• _Task to carry out_: The lines you return should be those containing the string "Fixpoint", taken from the data below.

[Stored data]
········
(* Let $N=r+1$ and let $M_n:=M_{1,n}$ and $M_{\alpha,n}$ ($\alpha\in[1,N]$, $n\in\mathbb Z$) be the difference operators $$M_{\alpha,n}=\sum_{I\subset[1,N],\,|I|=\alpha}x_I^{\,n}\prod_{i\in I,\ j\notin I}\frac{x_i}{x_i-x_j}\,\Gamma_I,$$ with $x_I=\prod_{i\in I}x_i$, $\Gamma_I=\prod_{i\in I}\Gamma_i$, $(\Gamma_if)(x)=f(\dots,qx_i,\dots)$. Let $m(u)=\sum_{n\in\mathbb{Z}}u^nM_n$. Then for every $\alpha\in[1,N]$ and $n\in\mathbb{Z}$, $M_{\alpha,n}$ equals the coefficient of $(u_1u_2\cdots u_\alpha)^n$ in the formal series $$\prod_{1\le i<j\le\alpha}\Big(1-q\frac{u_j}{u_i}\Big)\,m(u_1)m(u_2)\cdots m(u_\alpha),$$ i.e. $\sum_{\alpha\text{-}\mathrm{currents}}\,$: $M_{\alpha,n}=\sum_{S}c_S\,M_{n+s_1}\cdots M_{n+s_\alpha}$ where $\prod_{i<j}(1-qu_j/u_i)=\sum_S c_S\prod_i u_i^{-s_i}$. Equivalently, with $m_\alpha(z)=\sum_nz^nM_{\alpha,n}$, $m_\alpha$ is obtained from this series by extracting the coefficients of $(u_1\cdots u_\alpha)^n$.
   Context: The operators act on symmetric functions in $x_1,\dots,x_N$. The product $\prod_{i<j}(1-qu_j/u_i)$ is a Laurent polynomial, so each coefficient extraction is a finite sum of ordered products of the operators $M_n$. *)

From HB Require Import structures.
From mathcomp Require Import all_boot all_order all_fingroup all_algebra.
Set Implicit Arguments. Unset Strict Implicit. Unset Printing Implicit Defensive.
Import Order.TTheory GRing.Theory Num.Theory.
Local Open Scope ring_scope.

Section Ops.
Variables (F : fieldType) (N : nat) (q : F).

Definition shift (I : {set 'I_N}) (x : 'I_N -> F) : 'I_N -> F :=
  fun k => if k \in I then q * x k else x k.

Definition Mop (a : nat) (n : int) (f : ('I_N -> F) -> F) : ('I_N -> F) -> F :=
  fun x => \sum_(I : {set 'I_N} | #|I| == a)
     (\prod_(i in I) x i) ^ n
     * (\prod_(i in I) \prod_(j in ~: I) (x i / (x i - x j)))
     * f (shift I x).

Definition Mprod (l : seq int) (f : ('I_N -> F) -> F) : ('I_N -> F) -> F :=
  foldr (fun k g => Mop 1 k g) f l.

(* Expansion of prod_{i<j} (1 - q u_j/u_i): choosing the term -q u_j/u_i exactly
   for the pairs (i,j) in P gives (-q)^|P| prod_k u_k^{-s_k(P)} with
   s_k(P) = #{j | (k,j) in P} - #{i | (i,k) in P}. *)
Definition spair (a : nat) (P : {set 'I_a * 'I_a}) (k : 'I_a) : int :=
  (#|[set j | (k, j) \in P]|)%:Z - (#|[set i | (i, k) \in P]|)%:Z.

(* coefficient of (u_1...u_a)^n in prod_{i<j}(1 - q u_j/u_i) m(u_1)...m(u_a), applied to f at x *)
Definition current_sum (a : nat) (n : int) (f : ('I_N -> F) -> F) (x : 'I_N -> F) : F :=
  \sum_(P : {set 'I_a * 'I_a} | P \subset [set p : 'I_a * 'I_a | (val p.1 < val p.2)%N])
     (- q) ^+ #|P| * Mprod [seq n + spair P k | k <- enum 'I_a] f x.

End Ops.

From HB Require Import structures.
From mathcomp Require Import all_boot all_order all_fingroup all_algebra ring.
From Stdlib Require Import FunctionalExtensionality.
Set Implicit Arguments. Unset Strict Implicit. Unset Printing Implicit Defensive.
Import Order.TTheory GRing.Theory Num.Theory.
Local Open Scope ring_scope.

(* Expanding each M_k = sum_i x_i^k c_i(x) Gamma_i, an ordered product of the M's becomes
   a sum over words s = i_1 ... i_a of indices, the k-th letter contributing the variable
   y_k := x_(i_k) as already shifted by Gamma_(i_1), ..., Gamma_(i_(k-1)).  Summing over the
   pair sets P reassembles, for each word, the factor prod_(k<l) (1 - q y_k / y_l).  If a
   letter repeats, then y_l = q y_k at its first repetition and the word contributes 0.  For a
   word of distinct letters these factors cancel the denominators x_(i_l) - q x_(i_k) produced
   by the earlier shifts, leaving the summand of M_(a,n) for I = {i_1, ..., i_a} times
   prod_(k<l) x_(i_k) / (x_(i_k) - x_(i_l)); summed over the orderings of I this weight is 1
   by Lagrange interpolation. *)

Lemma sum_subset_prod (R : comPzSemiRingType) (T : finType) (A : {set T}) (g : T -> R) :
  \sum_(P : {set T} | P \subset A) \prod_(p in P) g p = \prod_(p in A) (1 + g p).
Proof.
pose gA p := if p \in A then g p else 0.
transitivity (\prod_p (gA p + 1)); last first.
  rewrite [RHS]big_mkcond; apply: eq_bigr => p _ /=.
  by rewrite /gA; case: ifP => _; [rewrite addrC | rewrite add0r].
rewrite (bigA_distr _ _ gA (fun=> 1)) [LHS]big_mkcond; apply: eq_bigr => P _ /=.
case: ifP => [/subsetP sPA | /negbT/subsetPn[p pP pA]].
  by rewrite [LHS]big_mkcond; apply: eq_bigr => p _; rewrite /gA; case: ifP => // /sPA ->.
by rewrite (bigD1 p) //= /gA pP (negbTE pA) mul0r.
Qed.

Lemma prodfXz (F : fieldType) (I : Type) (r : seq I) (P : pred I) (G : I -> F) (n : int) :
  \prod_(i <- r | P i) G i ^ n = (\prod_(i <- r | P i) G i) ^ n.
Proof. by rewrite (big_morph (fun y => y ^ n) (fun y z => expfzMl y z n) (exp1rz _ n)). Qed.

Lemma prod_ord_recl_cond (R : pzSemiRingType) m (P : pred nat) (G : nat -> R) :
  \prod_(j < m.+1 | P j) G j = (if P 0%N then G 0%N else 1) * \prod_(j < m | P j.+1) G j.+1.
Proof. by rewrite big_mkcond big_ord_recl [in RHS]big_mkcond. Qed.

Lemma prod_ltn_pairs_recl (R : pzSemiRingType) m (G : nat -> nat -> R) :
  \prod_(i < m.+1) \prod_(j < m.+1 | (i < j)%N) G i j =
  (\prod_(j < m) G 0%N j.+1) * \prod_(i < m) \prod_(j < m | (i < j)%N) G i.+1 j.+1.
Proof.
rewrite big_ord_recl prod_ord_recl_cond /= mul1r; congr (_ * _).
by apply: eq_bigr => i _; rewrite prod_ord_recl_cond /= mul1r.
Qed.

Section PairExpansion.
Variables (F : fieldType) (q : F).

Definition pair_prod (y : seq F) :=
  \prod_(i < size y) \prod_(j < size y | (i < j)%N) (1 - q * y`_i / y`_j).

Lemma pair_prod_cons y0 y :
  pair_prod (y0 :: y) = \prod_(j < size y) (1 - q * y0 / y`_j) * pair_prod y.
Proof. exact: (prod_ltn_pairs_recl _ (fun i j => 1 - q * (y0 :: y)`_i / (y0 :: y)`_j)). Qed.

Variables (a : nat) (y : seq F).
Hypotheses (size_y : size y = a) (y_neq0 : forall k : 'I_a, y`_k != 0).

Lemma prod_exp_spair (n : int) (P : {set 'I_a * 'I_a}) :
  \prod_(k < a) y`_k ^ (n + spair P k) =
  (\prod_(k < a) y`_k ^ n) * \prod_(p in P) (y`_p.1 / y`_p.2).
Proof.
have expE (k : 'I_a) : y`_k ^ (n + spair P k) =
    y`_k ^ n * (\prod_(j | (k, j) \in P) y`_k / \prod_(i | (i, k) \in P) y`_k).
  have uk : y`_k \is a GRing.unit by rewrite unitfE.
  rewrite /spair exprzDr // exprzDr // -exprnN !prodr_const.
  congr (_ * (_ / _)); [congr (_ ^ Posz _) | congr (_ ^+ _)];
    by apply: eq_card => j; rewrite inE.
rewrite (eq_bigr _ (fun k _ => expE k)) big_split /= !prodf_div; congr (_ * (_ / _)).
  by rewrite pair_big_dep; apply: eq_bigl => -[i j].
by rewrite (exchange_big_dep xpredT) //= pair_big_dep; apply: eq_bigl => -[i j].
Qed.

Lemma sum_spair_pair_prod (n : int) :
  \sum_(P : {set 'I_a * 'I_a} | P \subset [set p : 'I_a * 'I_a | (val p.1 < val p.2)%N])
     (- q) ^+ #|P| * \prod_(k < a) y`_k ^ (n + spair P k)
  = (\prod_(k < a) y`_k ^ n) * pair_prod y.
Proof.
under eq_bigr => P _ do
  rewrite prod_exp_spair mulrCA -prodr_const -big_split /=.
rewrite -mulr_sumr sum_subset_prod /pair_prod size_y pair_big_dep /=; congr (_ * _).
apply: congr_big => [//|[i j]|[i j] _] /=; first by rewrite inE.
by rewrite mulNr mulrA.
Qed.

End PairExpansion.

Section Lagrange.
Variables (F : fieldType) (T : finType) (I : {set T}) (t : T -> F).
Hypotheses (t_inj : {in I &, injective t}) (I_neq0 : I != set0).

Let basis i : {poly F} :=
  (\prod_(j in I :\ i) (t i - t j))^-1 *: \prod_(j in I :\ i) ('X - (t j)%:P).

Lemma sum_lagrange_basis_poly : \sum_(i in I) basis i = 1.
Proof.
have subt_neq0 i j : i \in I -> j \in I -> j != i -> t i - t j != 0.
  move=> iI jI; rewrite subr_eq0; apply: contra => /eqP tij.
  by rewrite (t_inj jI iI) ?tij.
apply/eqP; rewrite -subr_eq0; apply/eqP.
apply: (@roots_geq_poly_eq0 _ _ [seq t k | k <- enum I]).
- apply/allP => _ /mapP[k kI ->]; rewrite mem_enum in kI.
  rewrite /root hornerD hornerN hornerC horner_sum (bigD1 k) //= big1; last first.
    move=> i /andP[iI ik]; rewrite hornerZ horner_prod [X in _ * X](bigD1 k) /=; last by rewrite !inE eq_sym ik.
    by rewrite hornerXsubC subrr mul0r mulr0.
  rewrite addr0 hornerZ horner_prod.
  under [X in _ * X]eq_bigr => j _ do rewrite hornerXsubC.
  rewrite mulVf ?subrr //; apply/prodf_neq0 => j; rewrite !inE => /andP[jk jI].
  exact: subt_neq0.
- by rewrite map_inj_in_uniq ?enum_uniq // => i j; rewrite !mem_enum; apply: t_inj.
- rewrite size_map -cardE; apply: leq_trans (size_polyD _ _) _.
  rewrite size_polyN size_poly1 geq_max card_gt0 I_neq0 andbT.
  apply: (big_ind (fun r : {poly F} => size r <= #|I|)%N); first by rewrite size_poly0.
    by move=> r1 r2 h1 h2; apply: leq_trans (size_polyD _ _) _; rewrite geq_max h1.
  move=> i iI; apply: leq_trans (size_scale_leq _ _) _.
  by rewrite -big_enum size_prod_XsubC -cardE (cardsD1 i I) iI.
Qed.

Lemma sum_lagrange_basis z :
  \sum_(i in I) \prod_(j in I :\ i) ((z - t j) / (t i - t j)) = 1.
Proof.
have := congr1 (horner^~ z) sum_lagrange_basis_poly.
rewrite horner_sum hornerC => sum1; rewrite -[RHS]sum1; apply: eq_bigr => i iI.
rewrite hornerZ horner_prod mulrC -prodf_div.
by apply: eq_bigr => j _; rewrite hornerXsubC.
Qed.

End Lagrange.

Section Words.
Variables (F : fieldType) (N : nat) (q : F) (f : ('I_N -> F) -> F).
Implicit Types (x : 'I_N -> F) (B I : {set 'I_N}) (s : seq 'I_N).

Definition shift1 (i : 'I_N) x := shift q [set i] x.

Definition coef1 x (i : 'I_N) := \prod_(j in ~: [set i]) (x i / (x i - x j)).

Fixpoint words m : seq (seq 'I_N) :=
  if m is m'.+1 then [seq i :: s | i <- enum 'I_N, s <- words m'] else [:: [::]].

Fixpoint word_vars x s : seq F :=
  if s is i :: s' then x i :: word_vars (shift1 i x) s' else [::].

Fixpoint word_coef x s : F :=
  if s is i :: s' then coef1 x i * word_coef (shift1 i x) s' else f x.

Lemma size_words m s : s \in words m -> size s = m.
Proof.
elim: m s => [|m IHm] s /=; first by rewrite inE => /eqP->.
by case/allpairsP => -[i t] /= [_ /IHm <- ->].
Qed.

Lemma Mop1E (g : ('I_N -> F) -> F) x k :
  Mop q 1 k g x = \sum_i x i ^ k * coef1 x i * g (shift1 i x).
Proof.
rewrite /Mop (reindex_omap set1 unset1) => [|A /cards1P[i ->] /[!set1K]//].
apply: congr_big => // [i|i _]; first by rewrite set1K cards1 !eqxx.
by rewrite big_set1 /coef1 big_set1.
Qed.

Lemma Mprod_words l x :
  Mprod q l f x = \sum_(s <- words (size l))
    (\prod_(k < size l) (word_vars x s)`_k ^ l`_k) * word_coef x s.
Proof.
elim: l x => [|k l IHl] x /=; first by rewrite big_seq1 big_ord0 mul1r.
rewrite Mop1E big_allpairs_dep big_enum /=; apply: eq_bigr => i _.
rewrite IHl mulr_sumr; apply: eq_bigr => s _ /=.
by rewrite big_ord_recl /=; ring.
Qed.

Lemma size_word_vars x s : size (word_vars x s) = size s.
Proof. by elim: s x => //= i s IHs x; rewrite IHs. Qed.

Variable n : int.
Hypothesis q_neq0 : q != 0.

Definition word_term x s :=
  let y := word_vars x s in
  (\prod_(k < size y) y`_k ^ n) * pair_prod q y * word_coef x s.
········
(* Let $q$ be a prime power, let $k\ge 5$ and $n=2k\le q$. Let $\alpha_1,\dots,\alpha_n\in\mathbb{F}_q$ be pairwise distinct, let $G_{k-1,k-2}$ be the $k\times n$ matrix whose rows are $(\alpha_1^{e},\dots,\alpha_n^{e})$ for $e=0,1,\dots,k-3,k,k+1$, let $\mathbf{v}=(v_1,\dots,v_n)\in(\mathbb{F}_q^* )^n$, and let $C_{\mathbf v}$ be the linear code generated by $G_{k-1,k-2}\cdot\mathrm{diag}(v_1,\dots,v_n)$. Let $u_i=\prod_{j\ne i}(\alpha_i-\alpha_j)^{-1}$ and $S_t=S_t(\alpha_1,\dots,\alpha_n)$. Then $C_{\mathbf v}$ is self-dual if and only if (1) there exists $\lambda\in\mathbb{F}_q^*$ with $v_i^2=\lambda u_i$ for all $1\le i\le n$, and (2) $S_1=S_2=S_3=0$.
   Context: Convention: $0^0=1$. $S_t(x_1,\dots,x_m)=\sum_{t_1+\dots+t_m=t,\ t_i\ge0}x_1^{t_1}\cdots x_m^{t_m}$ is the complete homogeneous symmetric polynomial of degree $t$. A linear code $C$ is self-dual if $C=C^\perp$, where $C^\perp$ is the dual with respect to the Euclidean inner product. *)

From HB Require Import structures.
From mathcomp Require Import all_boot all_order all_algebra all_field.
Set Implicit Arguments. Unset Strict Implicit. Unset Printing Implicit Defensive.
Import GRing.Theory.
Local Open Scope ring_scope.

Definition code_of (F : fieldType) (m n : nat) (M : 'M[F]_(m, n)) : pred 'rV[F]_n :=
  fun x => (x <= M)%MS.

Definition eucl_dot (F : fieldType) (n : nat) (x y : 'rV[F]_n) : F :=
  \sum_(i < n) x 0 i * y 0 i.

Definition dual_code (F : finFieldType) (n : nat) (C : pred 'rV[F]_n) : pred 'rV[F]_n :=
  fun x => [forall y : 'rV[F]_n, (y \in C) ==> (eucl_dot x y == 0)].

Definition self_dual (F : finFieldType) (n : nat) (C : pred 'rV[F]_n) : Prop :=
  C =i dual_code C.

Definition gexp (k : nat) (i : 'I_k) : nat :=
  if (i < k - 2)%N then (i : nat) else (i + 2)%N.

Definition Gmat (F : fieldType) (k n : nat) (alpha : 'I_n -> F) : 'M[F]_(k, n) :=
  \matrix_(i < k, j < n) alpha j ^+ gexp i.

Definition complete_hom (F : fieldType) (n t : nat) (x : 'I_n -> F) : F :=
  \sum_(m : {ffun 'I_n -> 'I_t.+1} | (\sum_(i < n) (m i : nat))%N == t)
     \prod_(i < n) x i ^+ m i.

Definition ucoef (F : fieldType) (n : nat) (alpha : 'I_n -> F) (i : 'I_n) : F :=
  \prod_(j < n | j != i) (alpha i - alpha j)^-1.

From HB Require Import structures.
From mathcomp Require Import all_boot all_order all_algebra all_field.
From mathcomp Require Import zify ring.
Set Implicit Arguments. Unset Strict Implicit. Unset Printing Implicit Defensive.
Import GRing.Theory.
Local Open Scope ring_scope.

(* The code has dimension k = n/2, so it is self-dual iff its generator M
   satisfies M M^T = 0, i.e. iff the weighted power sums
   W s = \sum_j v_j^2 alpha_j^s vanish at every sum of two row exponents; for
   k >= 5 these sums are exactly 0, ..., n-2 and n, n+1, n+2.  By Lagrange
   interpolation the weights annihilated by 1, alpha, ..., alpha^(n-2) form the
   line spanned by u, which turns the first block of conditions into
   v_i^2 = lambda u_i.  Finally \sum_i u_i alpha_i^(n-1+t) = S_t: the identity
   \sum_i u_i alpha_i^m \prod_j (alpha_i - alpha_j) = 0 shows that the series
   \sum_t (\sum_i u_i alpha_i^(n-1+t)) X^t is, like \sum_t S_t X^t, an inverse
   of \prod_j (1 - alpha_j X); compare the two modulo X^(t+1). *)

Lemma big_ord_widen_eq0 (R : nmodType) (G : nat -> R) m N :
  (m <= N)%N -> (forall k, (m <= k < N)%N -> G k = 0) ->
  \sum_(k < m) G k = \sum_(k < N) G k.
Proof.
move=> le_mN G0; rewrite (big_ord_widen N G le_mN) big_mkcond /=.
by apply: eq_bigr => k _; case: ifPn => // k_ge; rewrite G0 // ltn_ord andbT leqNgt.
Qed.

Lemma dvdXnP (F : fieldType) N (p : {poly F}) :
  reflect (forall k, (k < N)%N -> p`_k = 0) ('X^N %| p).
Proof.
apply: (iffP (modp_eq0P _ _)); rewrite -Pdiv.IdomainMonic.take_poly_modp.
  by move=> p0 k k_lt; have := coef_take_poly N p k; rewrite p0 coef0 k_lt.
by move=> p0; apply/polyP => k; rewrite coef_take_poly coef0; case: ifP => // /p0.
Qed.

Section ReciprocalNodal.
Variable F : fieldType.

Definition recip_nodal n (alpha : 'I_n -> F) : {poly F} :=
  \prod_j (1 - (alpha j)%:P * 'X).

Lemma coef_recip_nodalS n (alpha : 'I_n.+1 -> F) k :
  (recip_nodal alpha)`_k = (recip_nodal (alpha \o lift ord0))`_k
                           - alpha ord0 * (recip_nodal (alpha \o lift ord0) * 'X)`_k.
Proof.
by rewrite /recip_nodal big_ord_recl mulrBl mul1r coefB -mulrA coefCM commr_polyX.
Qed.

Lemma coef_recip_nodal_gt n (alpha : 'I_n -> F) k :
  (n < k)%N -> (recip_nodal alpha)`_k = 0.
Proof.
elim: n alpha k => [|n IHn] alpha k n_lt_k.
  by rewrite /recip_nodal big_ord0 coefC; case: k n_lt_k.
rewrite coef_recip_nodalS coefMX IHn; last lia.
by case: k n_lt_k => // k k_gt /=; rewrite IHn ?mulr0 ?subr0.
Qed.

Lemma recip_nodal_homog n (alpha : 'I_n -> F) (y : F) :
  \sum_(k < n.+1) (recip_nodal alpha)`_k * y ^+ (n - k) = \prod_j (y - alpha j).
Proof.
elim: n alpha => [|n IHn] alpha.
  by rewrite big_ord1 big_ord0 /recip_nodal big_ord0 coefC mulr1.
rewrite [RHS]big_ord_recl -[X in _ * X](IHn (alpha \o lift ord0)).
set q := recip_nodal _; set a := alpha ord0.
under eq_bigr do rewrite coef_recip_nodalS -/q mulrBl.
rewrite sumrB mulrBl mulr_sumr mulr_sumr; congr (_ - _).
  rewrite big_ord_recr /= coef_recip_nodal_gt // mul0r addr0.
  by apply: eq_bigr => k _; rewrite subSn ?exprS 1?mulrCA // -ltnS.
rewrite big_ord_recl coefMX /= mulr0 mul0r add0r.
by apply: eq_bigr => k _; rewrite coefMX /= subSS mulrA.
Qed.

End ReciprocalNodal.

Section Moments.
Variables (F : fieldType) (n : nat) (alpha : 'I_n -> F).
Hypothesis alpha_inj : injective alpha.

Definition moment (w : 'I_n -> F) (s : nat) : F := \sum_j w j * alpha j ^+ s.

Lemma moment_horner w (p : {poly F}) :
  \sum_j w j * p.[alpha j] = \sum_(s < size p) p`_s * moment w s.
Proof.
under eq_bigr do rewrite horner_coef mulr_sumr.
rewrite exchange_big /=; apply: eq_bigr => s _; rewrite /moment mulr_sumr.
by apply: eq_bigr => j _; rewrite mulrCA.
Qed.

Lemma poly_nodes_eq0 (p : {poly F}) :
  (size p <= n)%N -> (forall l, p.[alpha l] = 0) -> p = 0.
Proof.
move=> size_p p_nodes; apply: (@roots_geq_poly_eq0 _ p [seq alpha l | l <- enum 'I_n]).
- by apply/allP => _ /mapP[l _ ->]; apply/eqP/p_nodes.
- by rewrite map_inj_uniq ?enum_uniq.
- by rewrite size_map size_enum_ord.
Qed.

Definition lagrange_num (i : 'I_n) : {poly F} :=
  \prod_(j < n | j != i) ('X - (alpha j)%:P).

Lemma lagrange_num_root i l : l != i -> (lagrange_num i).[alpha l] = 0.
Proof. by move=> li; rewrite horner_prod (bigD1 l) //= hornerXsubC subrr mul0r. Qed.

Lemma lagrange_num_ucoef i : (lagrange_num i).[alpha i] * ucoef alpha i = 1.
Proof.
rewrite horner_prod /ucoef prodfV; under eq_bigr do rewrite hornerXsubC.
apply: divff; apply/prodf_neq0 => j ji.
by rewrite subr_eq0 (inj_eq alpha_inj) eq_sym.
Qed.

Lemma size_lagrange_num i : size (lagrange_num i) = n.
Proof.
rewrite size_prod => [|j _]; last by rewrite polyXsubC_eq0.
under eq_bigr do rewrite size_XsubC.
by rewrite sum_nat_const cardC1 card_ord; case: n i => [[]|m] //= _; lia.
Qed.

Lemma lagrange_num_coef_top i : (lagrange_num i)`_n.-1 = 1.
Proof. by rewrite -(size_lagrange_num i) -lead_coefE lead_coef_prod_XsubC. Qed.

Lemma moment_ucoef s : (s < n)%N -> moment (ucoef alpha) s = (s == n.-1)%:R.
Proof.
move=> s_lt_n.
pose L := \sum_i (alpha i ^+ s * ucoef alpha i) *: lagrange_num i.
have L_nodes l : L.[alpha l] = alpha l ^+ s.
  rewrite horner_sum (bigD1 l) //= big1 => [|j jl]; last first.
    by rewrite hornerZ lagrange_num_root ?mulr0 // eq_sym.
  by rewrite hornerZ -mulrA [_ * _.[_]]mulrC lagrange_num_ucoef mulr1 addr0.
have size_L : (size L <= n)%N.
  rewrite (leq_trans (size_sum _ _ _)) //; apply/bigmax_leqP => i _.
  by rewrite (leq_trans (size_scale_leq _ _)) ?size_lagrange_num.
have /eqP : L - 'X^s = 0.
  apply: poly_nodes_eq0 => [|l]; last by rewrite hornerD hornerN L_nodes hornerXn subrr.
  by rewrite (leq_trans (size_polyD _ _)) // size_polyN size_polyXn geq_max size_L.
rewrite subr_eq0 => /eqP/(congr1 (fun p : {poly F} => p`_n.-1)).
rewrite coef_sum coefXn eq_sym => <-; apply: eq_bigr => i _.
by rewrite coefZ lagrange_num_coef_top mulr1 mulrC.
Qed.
········
• _Reply to the task_:
Fixpoint words m : seq (seq 'I_N) :=
Fixpoint word_vars x s : seq F :=
Fixpoint word_coef x s : F :=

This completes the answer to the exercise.